— Exercise objective —
Would you restate the data exactly as given?

Collected data:
--------
(* Let $f$ be a Moufang permutation on an abelian group $(X,+)$ with associated biadditive mapping $\beta$. Then $(f^3,\beta)$ is a construction pair on $(X,+)$.
   Context: A permutation $f$ of an abelian group $(X,+)$ is a Moufang permutation if the map $\beta(x,y)=f^{-1}(f(x)+f(y))-x-y$ (P1) is symmetric, alternating ($\beta(x,x)=0$) and biadditive, and for all $x,y,z\in X$: (P2) $\beta(\beta(x,y),z)=0$ and (P3) $\beta(f(x),f(y))=f(\beta(f^3(x),y))$; $\beta$ is the associated biadditive mapping. A construction pair on $(X,+)$ is a pair $(g,\gamma)$ where $g$ is a permutation of $X$ and $\gamma:X\times X\to X$ is symmetric, alternating and biadditive, such that for all $x,y,z\in X$: (C1) $g^{-1}(g(x)+g(y))=x+y+\gamma(x,y)+g^{-1}(\gamma(x,y))+g^{-2}(\gamma(x,y))$; (C2) $\gamma(\gamma(x,y),z)=0$; (C3) $g^{-1}(\gamma(x,y))=\gamma(g(x),y)$. *)

From mathcomp Require Import all_boot all_algebra.
Set Implicit Arguments. Unset Strict Implicit. Unset Printing Implicit Defensive.
Import GRing.Theory.
Local Open Scope ring_scope.

Definition is_perm_with_inv (X : Type) (p pinv : X -> X) :=
  cancel p pinv /\ cancel pinv p.

Definition sym_alt_biadd (X : zmodType) (b : X -> X -> X) :=
  [/\ forall x y, b x y = b y x,
      forall x, b x x = 0 &
      forall x y z, b (x + y) z = b x z + b y z /\ b x (y + z) = b x y + b x z].

Definition assoc_beta (X : zmodType) (f finv : X -> X) : X -> X -> X :=
  fun x y => finv (f x + f y) - x - y.

Definition moufang_perm (X : zmodType) (f finv : X -> X) :=
  let beta := assoc_beta f finv in
  [/\ is_perm_with_inv f finv,
      sym_alt_biadd beta,                                        (* P1 *)
      forall x y z, beta (beta x y) z = 0 &                      (* P2 *)
      forall x y, beta (f x) (f y) = f (beta (f (f (f x))) y)].  (* P3 *)

Definition construction_pair (X : zmodType) (g ginv : X -> X) (gamma : X -> X -> X) :=
  [/\ is_perm_with_inv g ginv,
      sym_alt_biadd gamma,
      forall x y, ginv (g x + g y)
                  = x + y + gamma x y + ginv (gamma x y) + ginv (ginv (gamma x y)), (* C1 *)
      forall x y z, gamma (gamma x y) z = 0 &                                     (* C2 *)
      forall x y, ginv (gamma x y) = gamma (g x) y].                              (* C3 *)

From mathcomp Require Import all_boot all_algebra.
Local Open Scope ring_scope.
Import GRing.Theory.

(* The argument is a computation with three facts:
   - by definition of beta, finv (f x + f y) = x + y + beta x y;
   - by (P3) applied to finv u, finv v, the inverse finv maps values of beta
     to values of beta: finv (beta u v) = beta (f (f u)) (finv v); hence by
     (P2) finv is additive as soon as one summand is a value of beta;
   - (P3) rewritten as finv (beta (f x) (f y)) = beta (f^3 x) y, together
     with the symmetry beta (f^3 x) y = beta x (f^3 y), shows that
     finv^3 (beta x y) = beta (f^3 x) y, which is (C3) for g = f^3.
   Expanding finv^3 (f^3 x + f^3 y) one finv at a time with these rules gives
   (C1); (C2) is (P2), and the rest is part of the hypotheses. *)

Lemma finv_add_assoc_beta (X : zmodType) (f finv : X -> X) (x y : X) :
  finv (f x + f y) = x + y + assoc_beta f finv x y.
Proof. by rewrite /assoc_beta -[_ - x - y]addrA -opprD addrC addNKr. Qed.

Section MoufangPermutation.

Variables (X : zmodType) (f finv : X -> X).
Hypotheses (fK : cancel f finv) (finvK : cancel finv f).

Local Notation beta := (assoc_beta f finv).
Local Notation f3 x := (f (f (f x))).
Local Notation finv3 x := (finv (finv (finv x))).

Lemma perm_f3 : is_perm_with_inv (fun x => f3 x) (fun x => finv3 x).
Proof. by split=> x; rewrite ?fK ?finvK. Qed.

Hypothesis beta_sym : forall x y, beta x y = beta y x.
Hypothesis beta_nil : forall x y z, beta (beta x y) z = 0.
Hypothesis beta_f : forall x y, beta (f x) (f y) = f (beta (f3 x) y).

Lemma beta_nil_r (x u v : X) : beta x (beta u v) = 0.
Proof. by rewrite beta_sym beta_nil. Qed.

(* (P3) read backwards: finv sends beta u v to a value of beta. *)
Lemma finv_beta (u v : X) : finv (beta u v) = beta (f (f u)) (finv v).
Proof. by rewrite -{1}(finvK u) -{1}(finvK v) beta_f fK finvK. Qed.

Lemma finv_beta_f (x y : X) : finv (beta (f x) (f y)) = beta (f3 x) y.
Proof. by rewrite beta_f fK. Qed.

Lemma finv_add_beta (p u v : X) :
  finv (p + beta u v) = finv p + finv (beta u v).
Proof.
rewrite -{1}(finvK p) -{1}(finvK (beta u v)) finv_add_assoc_beta.
by rewrite [in beta _ (finv (beta u v))]finv_beta beta_nil_r addr0.
Qed.

Lemma beta_f3_sym (x y : X) : beta (f3 x) y = beta x (f3 y).
Proof. by apply: (can_inj fK); rewrite -beta_f beta_sym beta_f beta_sym. Qed.

Lemma finv3_beta (x y : X) : finv3 (beta x y) = beta (f3 x) y.
Proof. by rewrite !finv_beta (beta_f3_sym (f3 x)) !finvK. Qed.

Lemma finv3_add_f3 (x y : X) :
  finv3 (f3 x + f3 y)
  = x + y + beta x y + finv3 (beta x y) + finv3 (finv3 (beta x y)).
Proof.
have step1 : finv (f3 x + f3 y)
             = f (f x) + f (f y) + beta (f (f x)) (f (f y)).
  exact: finv_add_assoc_beta.
have step2 : finv (f (f x) + f (f y) + beta (f (f x)) (f (f y)))
             = f x + f y + beta (f x) (f y) + beta (f3 (f x)) (f y).
  by rewrite finv_add_beta finv_add_assoc_beta finv_beta_f.
have step3 : finv (f x + f y + beta (f x) (f y) + beta (f3 (f x)) (f y))
             = x + y + beta x y + beta (f3 x) y + beta (f3 (f3 x)) y.
  by rewrite finv_add_beta finv_add_beta finv_add_assoc_beta !finv_beta_f.
by rewrite step1 step2 step3 !finv3_beta.
Qed.

End MoufangPermutation.

Theorem mainTheorem14 (X : zmodType) (f finv : X -> X) :
  moufang_perm f finv ->
  construction_pair (fun x => f (f (f x))) (fun x => finv (finv (finv x)))
                    (assoc_beta f finv).
Proof.
move=> [[fK finvK] beta_biadd beta_nil beta_f].
have [beta_sym _ _] := beta_biadd.
split=> //.
- exact: perm_f3.
- exact: finv3_add_f3.
- by move=> x y; rewrite finv3_beta.
Qed.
--------
— Finished exercise —
(* Let $f$ be a Moufang permutation on an abelian group $(X,+)$ with associated biadditive mapping $\beta$. Then $(f^3,\beta)$ is a construction pair on $(X,+)$.
   Context: A permutation $f$ of an abelian group $(X,+)$ is a Moufang permutation if the map $\beta(x,y)=f^{-1}(f(x)+f(y))-x-y$ (P1) is symmetric, alternating ($\beta(x,x)=0$) and biadditive, and for all $x,y,z\in X$: (P2) $\beta(\beta(x,y),z)=0$ and (P3) $\beta(f(x),f(y))=f(\beta(f^3(x),y))$; $\beta$ is the associated biadditive mapping. A construction pair on $(X,+)$ is a pair $(g,\gamma)$ where $g$ is a permutation of $X$ and $\gamma:X\times X\to X$ is symmetric, alternating and biadditive, such that for all $x,y,z\in X$: (C1) $g^{-1}(g(x)+g(y))=x+y+\gamma(x,y)+g^{-1}(\gamma(x,y))+g^{-2}(\gamma(x,y))$; (C2) $\gamma(\gamma(x,y),z)=0$; (C3) $g^{-1}(\gamma(x,y))=\gamma(g(x),y)$. *)

From mathcomp Require Import all_boot all_algebra.
Set Implicit Arguments. Unset Strict Implicit. Unset Printing Implicit Defensive.
Import GRing.Theory.
Local Open Scope ring_scope.

Definition is_perm_with_inv (X : Type) (p pinv : X -> X) :=
  cancel p pinv /\ cancel pinv p.

Definition sym_alt_biadd (X : zmodType) (b : X -> X -> X) :=
  [/\ forall x y, b x y = b y x,
      forall x, b x x = 0 &
      forall x y z, b (x + y) z = b x z + b y z /\ b x (y + z) = b x y + b x z].

Definition assoc_beta (X : zmodType) (f finv : X -> X) : X -> X -> X :=
  fun x y => finv (f x + f y) - x - y.

Definition moufang_perm (X : zmodType) (f finv : X -> X) :=
  let beta := assoc_beta f finv in
  [/\ is_perm_with_inv f finv,
      sym_alt_biadd beta,                                        (* P1 *)
      forall x y z, beta (beta x y) z = 0 &                      (* P2 *)
      forall x y, beta (f x) (f y) = f (beta (f (f (f x))) y)].  (* P3 *)

Definition construction_pair (X : zmodType) (g ginv : X -> X) (gamma : X -> X -> X) :=
  [/\ is_perm_with_inv g ginv,
      sym_alt_biadd gamma,
      forall x y, ginv (g x + g y)
                  = x + y + gamma x y + ginv (gamma x y) + ginv (ginv (gamma x y)), (* C1 *)
      forall x y z, gamma (gamma x y) z = 0 &                                     (* C2 *)
      forall x y, ginv (gamma x y) = gamma (g x) y].                              (* C3 *)

From mathcomp Require Import all_boot all_algebra.
Local Open Scope ring_scope.
Import GRing.Theory.

(* The argument is a computation with three facts:
   - by definition of beta, finv (f x + f y) = x + y + beta x y;
   - by (P3) applied to finv u, finv v, the inverse finv maps values of beta
     to values of beta: finv (beta u v) = beta (f (f u)) (finv v); hence by
     (P2) finv is additive as soon as one summand is a value of beta;
   - (P3) rewritten as finv (beta (f x) (f y)) = beta (f^3 x) y, together
     with the symmetry beta (f^3 x) y = beta x (f^3 y), shows that
     finv^3 (beta x y) = beta (f^3 x) y, which is (C3) for g = f^3.
   Expanding finv^3 (f^3 x + f^3 y) one finv at a time with these rules gives
   (C1); (C2) is (P2), and the rest is part of the hypotheses. *)

Lemma finv_add_assoc_beta (X : zmodType) (f finv : X -> X) (x y : X) :
  finv (f x + f y) = x + y + assoc_beta f finv x y.
Proof. by rewrite /assoc_beta -[_ - x - y]addrA -opprD addrC addNKr. Qed.

Section MoufangPermutation.

Variables (X : zmodType) (f finv : X -> X).
Hypotheses (fK : cancel f finv) (finvK : cancel finv f).

Local Notation beta := (assoc_beta f finv).
Local Notation f3 x := (f (f (f x))).
Local Notation finv3 x := (finv (finv (finv x))).

Lemma perm_f3 : is_perm_with_inv (fun x => f3 x) (fun x => finv3 x).
Proof. by split=> x; rewrite ?fK ?finvK. Qed.

Hypothesis beta_sym : forall x y, beta x y = beta y x.
Hypothesis beta_nil : forall x y z, beta (beta x y) z = 0.
Hypothesis beta_f : forall x y, beta (f x) (f y) = f (beta (f3 x) y).

Lemma beta_nil_r (x u v : X) : beta x (beta u v) = 0.
Proof. by rewrite beta_sym beta_nil. Qed.

(* (P3) read backwards: finv sends beta u v to a value of beta. *)
Lemma finv_beta (u v : X) : finv (beta u v) = beta (f (f u)) (finv v).
Proof. by rewrite -{1}(finvK u) -{1}(finvK v) beta_f fK finvK. Qed.

Lemma finv_beta_f (x y : X) : finv (beta (f x) (f y)) = beta (f3 x) y.
Proof. by rewrite beta_f fK. Qed.

Lemma finv_add_beta (p u v : X) :
  finv (p + beta u v) = finv p + finv (beta u v).
Proof.
rewrite -{1}(finvK p) -{1}(finvK (beta u v)) finv_add_assoc_beta.
by rewrite [in beta _ (finv (beta u v))]finv_beta beta_nil_r addr0.
Qed.

Lemma beta_f3_sym (x y : X) : beta (f3 x) y = beta x (f3 y).
Proof. by apply: (can_inj fK); rewrite -beta_f beta_sym beta_f beta_sym. Qed.

Lemma finv3_beta (x y : X) : finv3 (beta x y) = beta (f3 x) y.
Proof. by rewrite !finv_beta (beta_f3_sym (f3 x)) !finvK. Qed.

Lemma finv3_add_f3 (x y : X) :
  finv3 (f3 x + f3 y)
  = x + y + beta x y + finv3 (beta x y) + finv3 (finv3 (beta x y)).
Proof.
have step1 : finv (f3 x + f3 y)
             = f (f x) + f (f y) + beta (f (f x)) (f (f y)).
  exact: finv_add_assoc_beta.
have step2 : finv (f (f x) + f (f y) + beta (f (f x)) (f (f y)))
             = f x + f y + beta (f x) (f y) + beta (f3 (f x)) (f y).
  by rewrite finv_add_beta finv_add_assoc_beta finv_beta_f.
have step3 : finv (f x + f y + beta (f x) (f y) + beta (f3 (f x)) (f y))
             = x + y + beta x y + beta (f3 x) y + beta (f3 (f3 x)) y.
  by rewrite finv_add_beta finv_add_beta finv_add_assoc_beta !finv_beta_f.
by rewrite step1 step2 step3 !finv3_beta.
Qed.

End MoufangPermutation.

Theorem mainTheorem14 (X : zmodType) (f finv : X -> X) :
  moufang_perm f finv ->
  construction_pair (fun x => f (f (f x))) (fun x => finv (finv (finv x)))
                    (assoc_beta f finv).
Proof.
move=> [[fK finvK] beta_biadd beta_nil beta_f].
have [beta_sym _ _] := beta_biadd.
split=> //.
- exact: perm_f3.
- exact: finv3_add_f3.
- by move=> x y; rewrite finv3_beta.
Qed.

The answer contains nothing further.